Steve Bradley has a Royal Horticultural Society Master of Horticulture Diploma and was Director of Horticulture at Merrist Wood College in England for many years before pursuing a career in journalism. He has gardening programs on television and radio, and has written a number of books on gardening including two books with co-author Susan Berry: Contained Gardens, The Pruning Handbook and Plant Life. He lives in England.
Introduction
There are numerous ways to tackle the issue of cutting down work in the garden, but if you want your garden to look attractive as well as be easy to look after, design is a key element that needs to be addressed at the outset.
If you want a garden that looks after itself but which is not entirely concreted over, the first and most valuable lesson you must learn is to garden with nature, not against it. All growing plants make some demands, but these demands are reduced if the right plants are chosen for the conditions. You also need to abandon previously held notions about what constitutes a garden -- that all gardens demand a central portion of grass with flower borders around it -- and start to look at other alternatives. The options open to you are varied, but the following features all contribute to a generally low-maintenance approach. First, an area where you can sit and relax that has some form of permanent, easy to maintain, hard surface. In a very low-maintenance approach in a small urban garden, the entire plot can be turned into a hard-surfaced patio, but in a larger garden it would be prohibitively expensive to pave the entire area, although gravel is an easy to maintain, less expensive option for larger gardens. Second, the planting can be much easier to look after if you plan it carefully. Evergreens are generally easier to look after than deciduous plants (less pruning, no sweeping up of leaves). Shrub borders and ground-covering perennials are the easiest options but it is vital that you choose plants that are appropriate for the climate and soil conditions, so that they thrive when left largely to their own devices. To this end, you also need to choose plants that are not too invasive or too fast-growing.
Third, it pays not to hanker after traditional flower borders that demand time and effort to look their best.

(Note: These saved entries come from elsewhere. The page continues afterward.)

(* There is a universal constant $C>0$ and, for every positive integer $T$, a (randomized) forecasting algorithm for the $T$-step sequential binary prediction game such that against every (possibly adaptive and randomized) adversary, $\mathbb{E}[\mathsf{CalDist}(x,p)] \le C\sqrt{T}$, where $x$ is the sequence of outcomes and $p$ the sequence of predictions.
   Context: Sequential binary prediction game with horizon $T$: at each step $t \in [T]$, the adversary picks a bit $x_t \in \{0,1\}$ and simultaneously the forecaster picks a prediction $p_t \in [0,1]$; both may depend on all previous outcomes and predictions (and on their own randomness); then $x_t,p_t$ are revealed to both. For $x \in \{0,1\}^T$, let $\mathcal{C}(x) = \{q \in [0,1]^T : \sum_{t=1}^T (x_t - q_t)\mathbf{1}[q_t = \alpha] = 0 \text{ for all } \alpha \in [0,1]\}$, and $\mathsf{CalDist}(x,p) = \min_{q \in \mathcal{C}(x)} \|p - q\|_1$. The expectation is over the randomness of both players. *)

From HB Require Import structures.
From mathcomp Require Import all_boot all_order all_algebra.
From mathcomp Require Import boolp classical_sets reals.
Unset Printing Implicit Defensive.
Import Order.TTheory GRing.Theory Num.Theory.
Local Open Scope ring_scope.
Local Open Scope classical_set_scope.

Section CalDist.
Variable R : realType.
Implicit Types (T : nat).

Definition calib_set (T : nat) (x : 'I_T -> bool) : set ('I_T -> R) :=
  [set q | (forall t, 0 <= q t <= 1) /\
           forall a : R, \sum_(t < T) ((x t)%:R - q t) * (q t == a)%:R = 0].

(* CalDist(x,p) = min_{q in C(x)} ||p - q||_1  (the min is attained: C(x) is
   finite and nonempty; we use the infimum, which equals it). *)
Definition CalDist (T : nat) (x : 'I_T -> bool) (p : 'I_T -> R) : R :=
  inf [set \sum_(t < T) `|p t - q t| | q in @calib_set T x].

Definition history := seq (bool * R).

Definition hist_x (T : nat) (h : history) : 'I_T -> bool :=
  fun t => (nth (false, 0) h t).1.
Definition hist_p (T : nat) (h : history) : 'I_T -> R :=
  fun t => (nth (false, 0) h t).2.

(* Randomized forecaster (behavioural strategy): given the history, a finitely
   supported distribution over predictions, as a list of (weight, prediction). *)
Definition forecaster := history -> seq (R * R).

Definition valid_forecaster (F : forecaster) : Prop :=
  forall h : history,
    (forall wp, wp \in F h -> 0 <= wp.1 /\ 0 <= wp.2 <= 1) /\
    \sum_(wp <- F h) wp.1 = 1.

(* Randomized adaptive adversary (behavioural strategy): given the history,
   the probability of choosing x_t = 1. *)
Definition adversary := history -> R.

Definition valid_adversary (A : adversary) : Prop :=
  forall h : history, 0 <= A h <= 1.

(* Expected value of L(final history) when the game is played for n more steps
   from history h; at each step x_t and p_t are drawn independently given h
   (simultaneous moves), then both are revealed. *)
Fixpoint play (F : forecaster) (A : adversary) (L : history -> R)
    (n : nat) (h : history) : R :=
  match n with
  | 0 => L h
  | n'.+1 =>
      \sum_(wp <- F h)
        wp.1 * (A h * play F A L n' (rcons h (true, wp.2)) +
                (1 - A h) * play F A L n' (rcons h (false, wp.2)))
  end.

Definition expected_CalDist (T : nat) (F : forecaster) (A : adversary) : R :=
  play F A (fun h => @CalDist T (hist_x T h) (hist_p T h)) T [::].

End CalDist.

(* The forecaster is deterministic. For the grid points k/m (k = 0..m) it keeps
   counters c_k = sum of (x_t - k/m) over the rounds t charged to bucket k. It
   predicts at a crossing point i/m with c_i >= 0 >= c_(i+1), and charges an
   outcome 1 to bucket i+1 and an outcome 0 to bucket i; this keeps every
   counter in [-1, 1], and each prediction is within 1/m of the grid value of
   its bucket. Replacing all predictions of bucket k by the empirical mean of
   the outcomes of that bucket yields a calibrated sequence, at L1 distance at
   most T/m + sum_k |c_k| <= T/m + m + 1 from p; m = floor (sqrt T) gives
   6 sqrt T. *)

From HB Require Import structures.
From mathcomp Require Import all_boot all_order all_algebra.
From mathcomp Require Import boolp classical_sets reals.
From mathcomp Require Import lra zify.
Import Order.TTheory GRing.Theory Num.Theory.
Local Open Scope ring_scope.

Arguments calib_set {R T}.
Arguments CalDist {R T}.
Arguments valid_forecaster {R}.
Arguments valid_adversary {R}.
Arguments play {R}.
Arguments hist_x {R}.
Arguments hist_p {R}.
Arguments expected_CalDist {R}.

Section Bucketing.
Context {R : realType} {T : nat} {I : finType}.
Variables (x : 'I_T -> bool) (g : 'I_T -> I).

Lemma sum_by_bucket (F : 'I_T -> R) :
  \sum_(t < T) F t = \sum_(k : I) \sum_(t < T | g t == k) F t.
Proof. exact: (partition_big g xpredT). Qed.

Definition bucket_size (k : I) : R := \sum_(t < T | g t == k) 1.
Definition bucket_hits (k : I) : R := \sum_(t < T | g t == k) (x t)%:R.
Definition bucket_mean (k : I) : R := bucket_hits k / bucket_size k.

Lemma bucket_hits_ge0 k : 0 <= bucket_hits k.
Proof. by apply: sumr_ge0 => t _; rewrite ler0n. Qed.

Lemma bucket_hits_le_size k : bucket_hits k <= bucket_size k.
Proof. by apply: ler_sum => t _; rewrite lern1 leq_b1. Qed.

Lemma bucket_size_mean k : bucket_size k * bucket_mean k = bucket_hits k.
Proof.
have [s0|s_neq0] := eqVneq (bucket_size k) 0; last by rewrite mulrC divfK.
apply/esym/eqP; rewrite s0 mul0r eq_le bucket_hits_ge0 andbT -s0.
exact: bucket_hits_le_size.
Qed.

Lemma bucket_mean_in01 k : 0 <= bucket_mean k <= 1.
Proof.
have hits_ge0 := bucket_hits_ge0 k; have hits_le := bucket_hits_le_size k.
have [s0|s_neq0] := eqVneq (bucket_size k) 0.
  by rewrite /bucket_mean s0 invr0 mulr0 lexx ler01.
have s_gt0 : 0 < bucket_size k by rewrite lt_def s_neq0 (le_trans hits_ge0).
by rewrite divr_ge0 ?(le_trans hits_ge0) //= ler_pdivrMr // mul1r.
Qed.

Lemma bucket_sumB k (c : R) :
  \sum_(t < T | g t == k) ((x t)%:R - c) = bucket_hits k - bucket_size k * c.
Proof. by rewrite sumrB mulr_suml; under [in RHS]eq_bigr do rewrite mul1r. Qed.

Lemma bucket_mean_calibrated : calib_set x (bucket_mean \o g).
Proof.
split=> [t|a]; first exact: bucket_mean_in01.
rewrite sum_by_bucket big1 // => k _ /=.
under eq_bigr => t /eqP-> do [].
by rewrite -mulr_suml bucket_sumB bucket_size_mean subrr mul0r.
Qed.

Lemma dist_to_bucket_mean (v : I -> R) :
  \sum_(t < T) `|v (g t) - bucket_mean (g t)| =
  \sum_(k : I) `|\sum_(t < T | g t == k) ((x t)%:R - v k)|.
Proof.
rewrite sum_by_bucket; apply: eq_bigr => k _.
under eq_bigr => t /eqP-> do [].
have s_ge0 : 0 <= bucket_size k by apply: sumr_ge0 => t _.
rewrite bucket_sumB -bucket_size_mean -mulrBr normrM ger0_norm // distrC mulr_suml.
by under [in RHS]eq_bigr do rewrite mul1r.
Qed.

Lemma CalDist_le_bucketed (p : 'I_T -> R) (v : I -> R) :
  CalDist x p <= \sum_(t < T) `|p t - v (g t)| +
                 \sum_(k : I) `|\sum_(t < T | g t == k) ((x t)%:R - v k)|.
Proof.
rewrite -dist_to_bucket_mean -big_split /=.
apply: le_trans (_ : \sum_(t < T) `|p t - bucket_mean (g t)| <= _).
  apply: ge_inf; last by exists (bucket_mean \o g); first exact: bucket_mean_calibrated.
  by exists 0 => _ [q _ <-]; apply: sumr_ge0.
by apply: ler_sum => t _; rewrite (le_trans _ (ler_normD _ _)) // addrA subrK.
Qed.

End Bucketing.

Lemma play_le_invariant {R : realType} (F : forecaster R) (A : adversary R)
    (L : history R -> R) (P : history R -> Prop) (B : R) (T : nat) :
  valid_forecaster F -> valid_adversary A ->
  (forall h wp b, P h -> wp \in F h -> P (rcons h (b, wp.2))) ->
  (forall h, P h -> size h = T -> L h <= B) ->
  forall n h, P h -> (size h + n)%N = T -> play F A L n h <= B.
Proof.
move=> vF vA P_rcons L_le.
elim=> [|n IH] h Ph sz /=; first by rewrite L_le -?sz ?addn0.
have [F_ge0 F_sum1] := vF h; have /andP[a_ge0 a_le1] := vA h.
have sz' b : (size (rcons h b) + n)%N = T by rewrite size_rcons addSnnS.
apply: le_trans (_ : \sum_(wp <- F h) wp.1 * B <= _); last first.
  by rewrite -mulr_suml F_sum1 mul1r.
rewrite big_seq [leRHS]big_seq.
apply: ler_sum => wp wp_in; apply: ler_wpM2l; first by case: (F_ge0 wp wp_in).
have le_b b : play F A L n (rcons h (b, wp.2)) <= B.
  by apply: IH; [exact: P_rcons | exact: sz'].
apply: le_trans (_ : A h * B + (1 - A h) * B <= _); last first.
  by rewrite -mulrDl addrC subrK mul1r.
by apply: lerD; apply: ler_wpM2l; rewrite ?le_b ?subr_ge0.
Qed.

Section BucketForecaster.
Variables (R : realType) (m : nat).
Hypothesis m_gt0 : (0 < m)%N.

Definition grid (k : nat) : R := k%:R / m%:R.

Definition balanced (c : nat -> R) : Prop :=
  [/\ forall k, -1 <= c k <= 1, 0 <= c 0%N & c m <= 0].

Definition crossing (c : nat -> R) : nat :=
  find (fun i => c i.+1 <= 0) (iota 0 m).

Definition bucket (c : nat -> R) (b : bool) : nat :=
  if b then (crossing c).+1 else crossing c.

Definition step (c : nat -> R) (b : bool) (k : nat) : R :=
  if bucket c b == k then c k + (b%:R - grid k) else c k.

Definition counters (bs : seq bool) : nat -> R := foldl step (fun _ => 0) bs.

Definition forecast (bs : seq bool) : R := grid (crossing (counters bs)).

Definition bucket_forecaster : forecaster R :=
  fun h => [:: (1, forecast (map fst h))].

Lemma grid_in01 {k} : (k <= m)%N -> 0 <= grid k <= 1.
Proof.
move=> k_le; have m_pos : 0 < m%:R :> R by rewrite ltr0n.
by rewrite /grid divr_ge0 ?ler0n //= ler_pdivrMr // mul1r ler_nat.
Qed.

Lemma grid0 : grid 0 = 0. Proof. by rewrite /grid mul0r. Qed.

Lemma grid_max : grid m = 1.
Proof. by rewrite /grid divff // pnatr_eq0 -lt0n. Qed.

Lemma gridS k : grid k.+1 = grid k + m%:R^-1.
Proof. by rewrite /grid -natr1 mulrDl mul1r. Qed.

Lemma crossingP {c} : balanced c ->
  [/\ (crossing c < m)%N, 0 <= c (crossing c) & c (crossing c).+1 <= 0].
Proof.
case=> _ c0_ge0 cm_le0.
have has_crossing : has (fun i => c i.+1 <= 0) (iota 0 m).
  by apply/hasP; exists m.-1; rewrite ?mem_iota ?add0n prednK ?leqnn.
have lt_m : (crossing c < m)%N by rewrite -(size_iota 0 m) -has_find.
split=> //; last by have := nth_find 0%N has_crossing; rewrite nth_iota.
case E: (crossing c) => [|j] //.
have lt_j : (j < crossing c)%N by rewrite E.
have /negbT := before_find 0%N lt_j.
by rewrite nth_iota ?(ltn_trans lt_j) // add0n -ltNge => /ltW.
Qed.

Lemma balanced_step {c} b : balanced c -> balanced (step c b).
Proof.
move=> bal; have [lt_m c_ge0 cS_le0] := crossingP bal.
case: bal => c_bnd c0_ge0 cm_le0.
rewrite /step /bucket; case: b => /=.
- have /andP[g_ge0 g_le1] := grid_in01 lt_m.
  have /andP[c_lb c_ub] := c_bnd (crossing c).+1.
  split=> [k||] /=.
  + by case: eqP => [<-|_] //; apply/andP; split; lra.
  + by [].
  + by case: eqP => // _; rewrite grid_max; lra.
- have /andP[g_ge0 g_le1] := grid_in01 (ltnW lt_m).
  have /andP[c_lb c_ub] := c_bnd (crossing c).
  split=> [k||] /=.
  + by case: eqP => [<-|_] //; apply/andP; split; lra.
  + by case: eqP => // _; rewrite grid0; lra.
  + by case: eqP => [m_eq|_] //; move: lt_m; rewrite m_eq ltnn.
Qed.

Lemma balanced_counters bs : balanced (counters bs).
Proof.
rewrite /counters; have : balanced (fun _ => 0) by split=> // k; rewrite lerN10 ler01.
by elim: bs (fun _ => 0) => //= b bs IH c bal; apply/IH/balanced_step.
Qed.

Lemma counters_rcons bs b : counters (rcons bs b) = step (counters bs) b.
Proof. by rewrite /counters foldl_rcons. Qed.

Definition bucket_at (bs : seq bool) (s : nat) : nat :=
  bucket (counters (take s bs)) (nth false bs s).

Lemma counters_take bs n k : (n <= size bs)%N ->
  counters (take n bs) k =
  \sum_(s < n | bucket_at bs s == k) ((nth false bs s)%:R - grid k).
Proof.
elim: n => [|n IH] n_le; first by rewrite take0 big_ord0.
rewrite (take_nth false n_le) counters_rcons big_mkcond big_ord_recr /=.
by rewrite -big_mkcond -IH 1?ltnW // /step /bucket_at; case: eqP; rewrite ?addr0.
Qed.

Lemma forecast_near_bucket c b :
  `|grid (crossing c) - grid (bucket c b)| <= m%:R^-1.
Proof.
rewrite /bucket; case: b; last by rewrite subrr normr0 invr_ge0 ler0n.
by rewrite gridS opprD addrA subrr add0r normrN ger0_norm // invr_ge0 ler0n.
Qed.

Lemma bucket_at_le bs s : (bucket_at bs s <= m)%N.
Proof.
have [lt_m _ _] := crossingP (balanced_counters (take s bs)).
by rewrite /bucket_at /bucket; case: ifP => _ //; apply: ltnW.
Qed.

Definition follows_forecast (h : history R) : Prop :=
  forall t, (t < size h)%N -> (nth (false, 0) h t).2 = forecast (take t (map fst h)).

Lemma follows_forecast_rcons h b : follows_forecast h ->
  follows_forecast (rcons h (b, forecast (map fst h))).
Proof.
move=> fh t; rewrite size_rcons ltnS leq_eqVlt nth_rcons map_rcons -cats1.
case/orP=> [/eqP->|lt_t]; first by rewrite ltnn eqxx take_size_cat ?size_map.
by rewrite lt_t fh // takel_cat // size_map ltnW.
Qed.

Lemma CalDist_le_of_follows_forecast T h : follows_forecast h -> size h = T ->
  CalDist (hist_x T h) (hist_p T h) <= T%:R / m%:R + m.+1%:R.
Proof.
move=> fh sz; set bs := map fst h.
pose g (t : 'I_T) : 'I_m.+1 := inord (bucket_at bs t).
have g_eq t (k : 'I_m.+1) : (g t == k) = (bucket_at bs t == k).
  by rewrite -val_eqE /= inordK // ltnS bucket_at_le.
apply: le_trans (CalDist_le_bucketed _ g _ (fun k : 'I_m.+1 => grid k)) _.
apply: lerD.
  apply: le_trans (_ : \sum_(t < T) m%:R^-1 <= _).
    apply: ler_sum => t _; have t_lt : (t < size h)%N by rewrite sz.
    rewrite /hist_p fh // inordK ?ltnS ?bucket_at_le //.
    exact: forecast_near_bucket.
  by rewrite sumr_const card_ord mulr_natl.
apply: le_trans (_ : \sum_(k < m.+1) (1 : R) <= _); last by rewrite sumr_const card_ord.
apply: ler_sum => k _.
have -> : \sum_(t < T | g t == k) ((hist_x T h t)%:R - grid k) = counters (take T bs) k.
  rewrite counters_take ?size_map ?sz //; apply: eq_big => t; first exact: g_eq.
  by move=> _; rewrite /hist_x -(nth_map (false, 0) false fst) // sz.
by have [bnd _ _] := balanced_counters (take T bs); rewrite ler_norml bnd.
Qed.

Lemma bucket_forecaster_valid : valid_forecaster bucket_forecaster.
Proof.
move=> h; split; last by rewrite big_seq1.
move=> wp; rewrite mem_seq1 => /eqP-> /=; split; first exact: ler01.
have [lt_m _ _] := crossingP (balanced_counters (map fst h)).
exact: grid_in01 (ltnW lt_m).
Qed.

Lemma expected_CalDist_bucket_forecaster T A : valid_adversary A ->
  expected_CalDist T bucket_forecaster A <= T%:R / m%:R + m.+1%:R.
Proof.
move=> vA; apply: (play_le_invariant _ _ _ follows_forecast) => //.
- exact: bucket_forecaster_valid.
- by move=> h wp b fh; rewrite mem_seq1 => /eqP->; apply: follows_forecast_rcons.
- exact: CalDist_le_of_follows_forecast.
Qed.

End BucketForecaster.

Lemma nat_sqrt_bounds T : exists m, (m * m <= T < m.+1 * m.+1)%N.
Proof.
elim: T => [|T [m /andP[mm_le lt_mm]]]; first by exists 0%N.
case: (ltnP T.+1 (m.+1 * m.+1)) => [lt_T|le_T].
  by exists m; rewrite lt_T andbT ltnW.
by exists m.+1; rewrite le_T /=; nia.
Qed.

Theorem theorem3 (R : realType) :
  exists C : R, 0 < C /\
    forall T : nat, (0 < T)%N ->
      exists F : forecaster R, @valid_forecaster R F /\
        forall A : adversary R, @valid_adversary R A ->
          @expected_CalDist R T F A <= C * Num.sqrt (T%:R).
Proof.
exists 6; split=> [|T T_gt0]; first by lra.
have [m /andP[mm_le lt_mm]] := nat_sqrt_bounds T.
have m_gt0 : (0 < m)%N by case: m mm_le lt_mm => //; nia.
exists (bucket_forecaster R m); split=> [|A vA]; first exact: bucket_forecaster_valid.
apply: le_trans (@expected_CalDist_bucket_forecaster R m m_gt0 T A vA) _.
have m_ge1 : 1 <= m%:R :> R by rewrite ler1n.
have m_le_sqrt : m%:R <= Num.sqrt T%:R :> R.
  by rewrite -(ger0_norm (ler0n R m)) -sqrtr_sqr ler_wsqrtr // -natrX ler_nat.
have T_div_m : T%:R / m%:R <= 4 * m%:R :> R.
  by rewrite ler_pdivrMr ?ltr0n // -!natrM ler_nat; nia.
rewrite -natr1; lra.
Qed.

New, but equally attractive and less time-consuming solutions involve planting perennials in drifts in a far more naturalistic way. However, this is still a time-consuming form of planting compared with, say, ground cover or evergreen shrub planting.
Fourth, water features are surprisingly low-maintenance and are a great visual asset in gardens in which hard surfaces predominate. Anyone opting for the hard surface solution would be well-advised to include a water feature to go with it, as the sound and movement of the water helps to counteract the rigidity of hard surfacing materials.
Fifth, you can turn a portion of your garden into either rough grass or semi-wild planting, which will not only benefit nature but ease the work in a larger garden. If you have only a very small area -- such as a patio -- you will need to find ways to make container planting less time-consuming by choosing plants that require less watering-one of the major time-consuming elements in any container-dominated garden. (See the chapters on easier surfaces and features, where choices are given a star (*) rating out of five.)
Finally, consider ways of dealing with essential garden tasks as effectively and efficiently as possible. Traditionally, one way of cutting down on maintenance was to blast weeds with chemicals, but this solution is not advocated here. Design solutions, such as mulches and ground covering plants, are a more natural and ecologically friendly way to solve the problem.
Your low-maintenance plans and solutions will depend on the size of your garden, your lifestyle, how much time you have, whether you have a small amount of time to spare regularly or time for periodic blitzes only, and also whether you simply want to reduce the labor involved in an existing garden or create a low-maintenance garden from scratch. Turning an existing labor-intensive garden into a low-maintenance one clearly takes some initial work (unless you hire someone to do the job for you), but once the job is done, you then save yourself a great deal of time and worry later on.